605. Bell (1753-1832) and Lancaster (1778-1838).—Bell and Lancaster are none the less the first authorized propagators of the mutual method, or, as the English say, of the monitorial system. Bell had used it at Madras, in imitation of the Hindoo teachers, and in 1798 he introduced it into England. But at the same period, a young English teacher, Lancaster, applied the same methods with success, and, so far as it appears, through a suggestion absolutely personal and original. Lancaster was a Quaker, and Bell a Churchman, so that public opinion in England was divided between the two rivals. The truth is that they had applied at the same time a system which was known before their day, and which must naturally have been suggested to all teachers who have too large a number of children to instruct, as a result of the inadequacy of their resources and the lack of a teaching force sufficiently large.
606. Success of Mutual Instruction in France.—Mutual instruction, which was maintained in certain schools of Paris till 1867, for a long time enjoyed an extraordinary credit in France. Under the Restoration, its success was so great that it became the fashion, and even a craze. Patronized by the most eminent men of that day, by Royer-Collard, by Laisné, by the Duke Decazes, by the Duke Pasquier, mutual instruction became the flag of the liberal party in the matter of instruction. Political passions became involved in it. The new system came into competition with the traditional instruction of the Brethren of the Christian Schools, and was fought and denounced as immoral by all the partisans of routine. “Mutual instruction was charged with destroying the foundation of social order by delegating to children a power which ought to belong only to men.... Men held for or against simultaneous instruction, its rival, as if it were a question of an article of the Charter.”[259]
607. Moral Advantages.—The friends of mutual instruction, in order to justify their enthusiasm, made the most of moral reasons. What can be more touching, they said, than to see children communicating to one another the little that they know? What an excellent lesson of charity and of mutual aid! The Gospel has said, Love one another. Was it not giving to the divine precept a happy translation to add, Instruct one another! An attempt was made, moreover, to introduce mutuality into discipline and into the repression of school faults. The school, on certain solemn occasions, was converted into a court for trying criminals. “All this was done very seriously, and it was also very seriously felt that these practices, passing from a class of children to a class of adults, would contribute to introduce into society the habits of a true and useful fraternity.”
608. Economical Advantages.—To tell the truth, mutual instruction was above all else “a useful expedient,” according to Rollin’s expression.
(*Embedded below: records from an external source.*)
Lemma S_abc_S4 : axS4 abc S_abc.
Proof.
  intros x y X Y HX HY Yy.
  assert (Hz : exists z, X z /\ ~ (z = A /\ y = C) /\ ~ (z = C /\ y = A)).
  { destruct y.
    - destruct x; simpl in HX, HY.
      + destruct HX as [[z Xz] XC]. exists z.
        split; [exact Xz | split; intros [-> ?]; congruence].
      + destruct HX as [_ [XA | XB]]; [exists A | exists B];
          repeat split; try assumption; intros [? ?]; congruence.
      + tauto.
    - destruct (S_abc_nonempty x X HX) as [z Xz].
      exists z. repeat split; [exact Xz | |]; intros [? ?]; congruence.
    - destruct x; simpl in HX, HY; [tauto | |];
        exists C; repeat split; try tauto; intros [? ?]; congruence. }
  destruct Hz as [z [Xz [HAC HCA]]].
  destruct (S_abc_overlaps z y HAC HCA) as [Z [U [HZ [HU HZU]]]].
  exists z, Z, U. auto.
Qed.

Lemma S_abc_dense_at_A (X P : abc -> Prop) :
  predense abc S_abc X P -> P A -> exists q, X q /\ q <> C.
Proof.
  intros Hdense PA. destruct (Hdense A PA) as [q [Xq Hov]].
  exists q. split; [exact Xq |].
  intros ->. apply (proj2 (S_abc_overlap_not_AC _ _ Hov)). auto.
Qed.

Lemma S_abc_dense_at_C (X P : abc -> Prop) :
  predense abc S_abc X P -> P C -> IofSet abc S_abc X C.
Proof.
  intros Hdense PC. destruct (Hdense C PC) as [p [Xp Hov]].
  exists p. split; [exact Xp |]. apply S_abc_C_below.
  intros ->. apply (proj1 (S_abc_overlap_not_AC _ _ Hov)). auto.
Qed.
At a period when teachers were scarce, when the budget of public instruction did not exist, it was natural that an economic system which dispensed with teachers, and which reduced to almost nothing the cost of instruction, should be hailed with enthusiasm. Let us add that there was also an economy in books, since “there was need of only one book, which pupils never used, and which would thus last for several years.”
Jomard calculated that there were 3,000,000 children to instruct, and that, according to the ordinary system, this would require the expenditure of more than 45,000,000 francs.[260]
Now, according to the calculations of the Comte de Laborde,[261] 1000 pupils being able to be educated by one single teacher, by the system of mutual instruction, more easily than 30 could have been by the old system, a sum of 10,000 francs granted annually by the State would suffice to educate in twelve years the entire generation of poor children.[262]
609. Organization of Schools on the Mutual Plan.—Bell defined mutual instruction as “the method by means of which a whole school may instruct itself, under the supervision of one single master.”
Here is the picture of a mutual school, as described by Gréard:—
“That was a striking spectacle at the first glance,—those long and vast structures which contained a whole school, such as the older generations of our teachers recollect still to have seen at the Halle aux Draps. In the middle of the room, throughout its entire length, were rows of tables having from five to twenty places each, having at one end, at the right, the desk of the monitor, and the board having models of writing, itself surmounted by a standard or telegraph which served to secure, by means of directions easy to read, regularity of movements; at the side of the room, and all along the walls, there were rows of semi-circles, about which were arranged groups of children; on the walls, on a line with the eye, there was a blackboard on which were performed the exercises in computation, and from which were suspended the charts for reading and grammar; right at his side, within reach of his hand, was the stick with which the teacher was provided for conducting the lesson; finally, at the lower part of the room, on a wide and high platform, accessible by steps and surrounded by a balustrade, was the chair of the master, who, employing in succession, according to fixed rules, voice, bâton, or whistle, surveyed the tables and groups, distributing commendation or reproof, and directing, in a word, like a captain on the deck of his vessel, the whole machinery of instruction.”
In respect of systematic movements and exterior order, nothing is more charming than the appearance of a school conducted on the mutual plan. It remains to inquire what were the educational results of the system, and whether the fashion which brought it into favor was justified by real advantages.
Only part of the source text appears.